Analysis – Is the NRL getting more competitive?

The short answer is yes and no. Yes, the NRL is more competitive now than when it started but no, it doesn’t seem to be a thing that improves consistently year-on-year.

Let me explain. On this blog, we use Elo ratings to measure teams’ performances and assess each team’s probability of winning a game in advance. Surely we can use our ratings system to assess the competitiveness of each NRL season.

Philosophically, what is a high level of competitiveness? It has to be a situation where the teams are fairly close in performance resulting in a hard to predict outcome. Here’s two ways of measuring that closeness of performance with pros and cons.

  1. You could look at the spread of teams ratings. Pro – makes an assessment based on all teams. Con – if all teams are pretty average but one team is excellent and another awful, then there isn’t a big spread of talent. This would imply a highly competitive season even though there is really only one potential premiership contender.
  2. You could look at the difference between top and bottom ratings. Pro – simple. Con – if one team is truly terrible and three or four are pretty good, then the season is pretty competitive but the difference between top and bottom might be exaggerated due to the crapiness of the bottom team. This would imply a not particularly competitive season despite there being multiple potential champions.

Which is better, measuring the spread or measuring the difference from top to bottom? Neither way of doing this is immediately obvious as a better method. Let’s look in more detail.

Measure spread by standard deviation

The standard deviation is the variation in a dataset that follows a normal distribution. A low standard deviation means that most of the data falls close to the average (or mean) and a large standard deviation means it’s all over the shop. Basically, if you have a bell curve, the standard deviation tells you flat (high standard deviation) or tall (low standard deviation) the curve is around the average. This is a good measure of the spread of teams.

The range of Euclid ratings is close to a normal distribution (bell curve).

euclid histogram.PNG

Well, close enough.

68% of values fall within one standard deviation of the average in this kind of distribution. A more competitive season will have a lower standard deviation – and so more teams closer to the average – than a less competitive season, which will have a higher standard deviation. The standard deviation over the period 1998 to 2016 is 103 rating points which means that around two-thirds of teams will finish in the range of roughly 1400 to 1600 points, as 1500 is always the average rating in our Elo systems.

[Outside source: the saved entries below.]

(* [pick1] minimizes [f1], and [f1] reaches its lower bound [LP 0^n] exactly
   on property (1). *)
Lemma step_prop1 Q x' y : y \in x' |: Q -> prop1 y ->
  exists z, [/\ z \in step Q x', ones z = ones y & prop1 z].
Proof.
move=> yQ p1y; have [/eqP y_lvl|y_lvl] := boolP (ones y == ones x'); last first.
  by exists y; split => //; exact: step_other_level.
have [z_in z_lvl] := pick1_step Q x'; exists (pick1 (same_level Q x')).
split; rewrite ?y_lvl //; apply/(prop1E R).
have y_same : y \in same_level Q x' by rewrite inE yQ y_lvl eqxx.
have := (pick1_min (same_level_neq0 Q x')).2 y y_same.
have := LP_zero_le_f1 R e w (pick1 (same_level Q x')).
by move/(prop1E R): p1y => ->; lra.
Qed.

Definition level k Q := [set y in Q | ones y == k].

Definition pop_inv Q := (0 < #|Q|)%N /\ forall k, (#|level k Q| <= 2)%N.

Lemma step_pop_inv Q x' : pop_inv Q -> pop_inv (step Q x').
Proof.
move=> [_ lvlQ]; split.
  by apply/card_gt0P; exists (pick1 (same_level Q x')); case: (pick1_step Q x').
move=> k; rewrite /level stepE; set S := same_level Q x'.
have [->|k_lvl] := eqVneq k (ones x').
  apply: leq_trans (subset_leq_card _) (_ : #|[set pick1 S; pick2 S]| <= 2)%N; last first.
    by rewrite cards2; case: (_ != _).
  apply/fintype.subsetP => y; rewrite !inE.
  case/andP => /or3P[/andP[y_S y_in]|->|->] y_lvl; rewrite ?orbT //.
  by rewrite y_in y_lvl in y_S.
apply: leq_trans (subset_leq_card _) (lvlQ k); apply/fintype.subsetP => y.
have S_lvl z : z \in S -> ones z = ones x' by rewrite inE => /andP[_ /eqP].
rewrite !inE => /andP[/or3P[/andP[_ /orP[/eqP->|->//]]|/eqP->|/eqP->] /eqP y_lvl];
  by rewrite -y_lvl ?S_lvl ?pick1_same_level ?pick2_same_level ?eqxx in k_lvl.
Qed.

Lemma card_pop_inv (Q : {set bs n}) : pop_inv Q -> (#|Q| <= 2 * n.+1)%N.
Proof.
move=> [_ lvlQ]; rewrite -sum1_card.
rewrite (partition_big (fun y => inord (ones y) : 'I_n.+1) predT) //=.
apply: leq_trans (_ : \sum_(k < n.+1) 2 <= _)%N; last by rewrite sum_nat_const card_ord mulnC.
apply: leq_sum => k _; rewrite sum1_card; apply: leq_trans (lvlQ k).
apply/subset_leq_card/fintype.subsetP => y; rewrite !inE => /andP[-> /eqP <-].
by rewrite inordK ?eqxx // ltnS ones_le.
Qed.

End Population.

Section Potential.
Variables (R : realType) (n : nat) (e : rel 'I_n) (w : 'I_n -> nat).
Variables (pick1 pick2 : {set bs n} -> bs n).
Hypothesis pick1_min : argmin_picker (f1 R e w) pick1.
Implicit Types (Q : {set bs n}) (x y : bs n).

Local Notation step := (step pick1 pick2).
Local Notation prop1 := (prop1 R e w).

(* The shift by one lets [best_prop1 Q = 0] mean that no member has property (1). *)
Definition best_prop1 Q := (\max_(y in Q | `[< prop1 y >]) (ones y).+1)%N.
Definition sparsity Q := (\max_(y in Q) (n - ones y))%N.
Definition potential Q :=
  if (0 < best_prop1 Q)%N then (n.+1 + best_prop1 Q)%N else sparsity Q.

Lemma best_prop1_le Q : (best_prop1 Q <= n.+1)%N.
Proof. by apply/bigmax_leqP => y _; rewrite ltnS ones_le. Qed.

Lemma sparsity_le Q : (sparsity Q <= n)%N.
Proof. by apply/bigmax_leqP => y _; rewrite leq_subr. Qed.

Lemma potential_le Q : (potential Q <= 2 * n + 2)%N.
Proof.
rewrite /potential; have := best_prop1_le Q; have := sparsity_le Q.
by case: ifP; lia.
Qed.

Lemma potential_mono Q Q' : (best_prop1 Q <= best_prop1 Q')%N ->
  (sparsity Q <= sparsity Q')%N -> (potential Q <= potential Q')%N.
Proof.
rewrite /potential; have := sparsity_le Q; have := sparsity_le Q'.
by case: ifP; case: ifP; lia.
Qed.

Lemma potential_lt Q Q' : (best_prop1 Q <= best_prop1 Q')%N ->
  (sparsity Q <= sparsity Q')%N ->
  (best_prop1 Q < best_prop1 Q')%N \/ best_prop1 Q = 0%N /\ (sparsity Q < sparsity Q')%N ->
  (potential Q < potential Q')%N.
Proof.
rewrite /potential; have := sparsity_le Q; have := sparsity_le Q'.
by case: ifP; case: ifP; lia.
Qed.

Lemma best_prop1_step Q x' y : y \in x' |: Q -> prop1 y ->
  ((ones y).+1 <= best_prop1 (step Q x'))%N.
Proof.
move=> yQ p1y; have [z [z_in <- p1z]] := step_prop1 pick2 pick1_min yQ p1y.
by apply: (leq_bigmax_cond (F := fun y => (ones y).+1)); rewrite z_in; apply/asboolP.
Qed.

Lemma sparsity_step Q x' y : y \in x' |: Q -> (n - ones y <= sparsity (step Q x'))%N.
Proof.
move=> yQ; have [z z_in <-] := step_level pick2 pick1_min yQ.
exact: (leq_bigmax_cond (F := fun y => n - ones y)%N).
Qed.

Lemma best_prop1_step_mono Q x' : (best_prop1 Q <= best_prop1 (step Q x'))%N.
Proof.
apply/bigmax_leqP => y /andP[yQ /asboolP p1y].
by apply: best_prop1_step p1y; rewrite in_setU1 yQ orbT.
Qed.

Lemma sparsity_step_mono Q x' : (sparsity Q <= sparsity (step Q x'))%N.
Proof.
by apply/bigmax_leqP => y yQ; apply: sparsity_step; rewrite in_setU1 yQ orbT.
Qed.

Lemma potential_step Q x' : (potential Q <= potential (step Q x'))%N.
Proof. exact: potential_mono (best_prop1_step_mono Q x') (sparsity_step_mono Q x'). Qed.

Lemma potential_progress Q : (0 < #|Q|)%N -> ~ target R e w Q ->
  exists x v, x \in Q /\ (potential Q < potential (step Q (flip_bit x v)))%N.
Proof.
move=> Q_gt0 no_target.
have step_lt x v := potential_lt (best_prop1_step_mono Q (flip_bit x v))
  (sparsity_step_mono Q (flip_bit x v)).
have flipQ x v : flip_bit x v \in flip_bit x v |: Q by exact: setU11.
have [best0|best_gt0] := posnP (best_prop1 Q).
  have [x xQ x_max] := eq_bigmax_cond (fun y => n - ones y)%N Q_gt0.
  have [v xv] : exists v, x v.
    case: (pickP x) => [v xv|x0]; first by exists v.
    have x_zero : x = zero_bs n by apply/ffunP => i; rewrite !ffunE x0.
    have := @leq_bigmax_cond _ [pred y in Q | `[< prop1 y >]] (fun y => (ones y).+1) x.
    by rewrite -/(best_prop1 Q) best0 inE xQ x_zero (asboolT (prop1_zero R e w)) => /(_ isT).
  exists x, v; split => //; apply: step_lt; right; split => //.
  have := sparsity_step (flipQ x v); have := ones_flip_bit x v; have := ones_le x.
  by rewrite /sparsity x_max xv /=; lia.
have [|x] := @eq_bigmax_cond _ [pred y in Q | `[< prop1 y >]] (fun y => (ones y).+1).
  case: (pickP [pred y in Q | `[< prop1 y >]]) => [y yA|A0]; first by apply/card_gt0P; exists y.
  by move: best_gt0; rewrite /best_prop1 big_pred0.
rewrite inE => /andP[xQ /asboolP p1x] x_max.
have best_x : best_prop1 Q = (ones x).+1 by rewrite -x_max.
have [v xv p1v] := prop1_extend p1x (fun p2x => no_target (ex_intro _ x (And3 xQ p1x p2x))).
exists x, v; split => //; apply: step_lt; left.
have := best_prop1_step (flipQ x v) p1v; have := ones_flip_bit x v.
by rewrite best_x (negbTE xv) /=; lia.
Qed.

End Potential.

Section Mutation.
Variables (R : realType) (n : nat) (e : rel 'I_n).
Hypothesis n_gt0 : (0 < n)%N.
Implicit Types (x : bs n).

Lemma invn_01 : 0 <= (1 / n%:R : R) <= 1.
Proof. by rewrite mul1r invr_ge0 ler0n invf_le1 // ?ler1n // ltr0n. Qed.
Lemma pdt_pdx f : smooth2 f -> pdt (pdx f) = pdx (pdt f).
Proof.
intros H; apply fun2_ext; intros x t; symmetry; apply Schwarz.
- exists (mkposreal 1 Rlt_0_1); intros u v _ _; repeat split.
  + exact (proj1 (H nil u v)).
  + exact (smooth2_ex_derive_t _ u v H).
  + exact (proj1 (smooth2_pdt _ H nil u v)).
  + exact (smooth2_ex_derive_t _ u v (smooth2_pdx _ H)).
- apply continuity_2d_pt_filterlim.
  exact (proj2 (proj2 (smooth2_pdx _ (smooth2_pdt _ H) nil x t))).
- apply continuity_2d_pt_filterlim.
  exact (proj2 (proj2 (smooth2_pdt _ (smooth2_pdx _ H) nil x t))).
Qed.

Lemma pdt_iter_pdx f n : smooth2 f -> pdt (Nat.iter n pdx f) = Nat.iter n pdx (pdt f).
Proof.
intros H; induction n as [|n IH]; [reflexivity|].
simpl; rewrite pdt_pdx by now apply smooth2_iter_pdx.
now rewrite IH.
Qed.

Record coords := Coords { co0 : R -> R -> R; co1 : R -> R -> R; co2 : R -> R -> R }.

(* One Cartesian component of [co0 c * gamma + co1 c * gamma' + co2 c * gamma'']; the same
   coordinates serve all three components [g] of [gamma]. *)
Definition in_frame (c : coords) (g : R -> R -> R) : R -> R -> R :=
  fun y s => co0 c y s * g y s + co1 c y s * pdx g y s + co2 c y s * pdx (pdx g) y s.

(* Coordinates of the x-derivative, by [gamma''' = (k1' + k2) gamma + k1 gamma']. *)
Definition frame_pdx (k1 k2 : R -> R -> R) (c : coords) : coords :=
  Coords (fun y s => pdx (co0 c) y s + (pdx k1 y s + k2 y s) * co2 c y s)
         (fun y s => co0 c y s + pdx (co1 c) y s + k1 y s * co2 c y s)
         (fun y s => co1 c y s + pdx (co2 c) y s).

Definition structure_eq (k1 k2 g : R -> R -> R) : Prop :=
  pdx (pdx (pdx g)) = fun y s => k1 y s * pdx g y s + (pdx k1 y s + k2 y s) * g y s.

Definition coords_smooth_x (c : coords) : Prop :=
  smooth_x (co0 c) /\ smooth_x (co1 c) /\ smooth_x (co2 c).

Section Frame.
Variables k1 k2 g : R -> R -> R.
Hypotheses (Xk1 : smooth_x k1) (Xk2 : smooth_x k2) (Xg : smooth_x g).
Hypothesis structure : structure_eq k1 k2 g.

Lemma coords_smooth_x_frame_pdx c : coords_smooth_x c -> coords_smooth_x (frame_pdx k1 k2 c).
Proof using Xk1 Xk2. intros (X0 & X1 & X2); repeat split; simpl; smooth_x_auto. Qed.

Lemma pdx_in_frame c : coords_smooth_x c -> pdx (in_frame c g) = in_frame (frame_pdx k1 k2 c) g.
Proof using All.
intros (X0 & X1 & X2); unfold in_frame; expand_pdx; rewrite structure.
apply fun2_ext; intros y s; simpl; ring.
Qed.

Lemma iter_pdx_in_frame n c : coords_smooth_x c ->
  Nat.iter n pdx (in_frame c g) = in_frame (Nat.iter n (frame_pdx k1 k2) c) g.
Proof using All.
intros Xc; induction n as [|n IH]; [reflexivity|].
assert (Xn : coords_smooth_x (Nat.iter n (frame_pdx k1 k2) c)).
{ clear IH; induction n as [|n IHn]; [exact Xc|exact (coords_smooth_x_frame_pdx _ IHn)]. }
simpl; rewrite IH; exact (pdx_in_frame _ Xn).
Qed.
End Frame.

Definition frame_id : coords := Coords (fun _ _ => 1) (fun _ _ => 0) (fun _ _ => 0).

Definition flow_coords (k1 k2 : R -> R -> R) : coords :=
  Coords (fun y s => - (pdx k2 y s + / 3 * (pdx (pdx k1) y s + 2 * k1 y s ^ 2))) k2 k1.

(* Coordinates of the n-th x-derivative of [gamma] and of its t-derivative. *)
Definition pdx_coords k1 k2 n : coords := Nat.iter n (frame_pdx k1 k2) frame_id.
Definition pdt_pdx_coords k1 k2 n : coords := Nat.iter n (frame_pdx k1 k2) (flow_coords k1 k2).

Lemma in_frame_id g : in_frame frame_id g = g.
Proof. apply fun2_ext; intros y s; unfold in_frame; simpl; ring. Qed.

Lemma coords_smooth_x_frame_id : coords_smooth_x frame_id.
Proof. repeat split; simpl; apply smooth_x_const. Qed.

Lemma coords_smooth_x_flow k1 k2 :
  smooth_x k1 -> smooth_x k2 -> coords_smooth_x (flow_coords k1 k2).
Proof. intros; repeat split; simpl; smooth_x_auto. Qed.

Compare top to bottom by ratings gap

For our purposes, the ratings gap is the difference between the end of season rating of the top team and the bottom team. Today, I’m using Euclid’s numbers but I’ve tried it with Archimedes and get a pretty similar result.

Here’s every team’s end of season rating since 1998:

ratings table.PNG

From 1998 to 2016, the average between the top and bottom rated teams has been 378 rating points. The average top rated team finishes the season on 1676 and the average bottom rated team finishes on 1298.

Which one to use? Here’s what the numbers look like side-by-side:

stdev gap

Both methods of measuring competitiveness are pretty well correlated: the lower the standard deviation, the lower the ratings gap and the more competitive the season was.

ratings gap and stdev.PNG

They’re basically equivalent, which is a little surprising. It implies that each season tends to distribute between top and bottom in a fairly similar way. Given their equivalence, I’m going to continue my analysis using ratings gap*, which is a bit more intuitive.

Competitiveness

As I said in the intro, competitiveness doesn’t improve year-on-year. There’s not much of a correlation between the passage of time and the ratings gap:

ratings gap over time.PNG

Competitiveness improves in step changes. We can see that here:

average ratings gaps.PNG

Depending on what point you want to use to demarcate different eras of NRL, you can see that the average ratings gap for the earlier years of the competition is higher, and therefore less competitive, than the more recent years. There’s not much difference between the 2000s and 2010s (only 2%) but there’s a big difference between in the period between the Bunnies rejoining in 2002, the Titans joining in 2007 and now (around 12%). There’s an 18% difference before and after golden point was introduced.

Any analysis like this is going to require a bit of cherry picking but the improvement in competitiveness is definitely real, even if the cause is a little murky. Next time, we’ll look at what some of the implications might be of improving competitiveness.

*To be fair, this relationship is not obvious/trivial and still needed to be proven so thanks for sticking with me through the standard deviation stuff.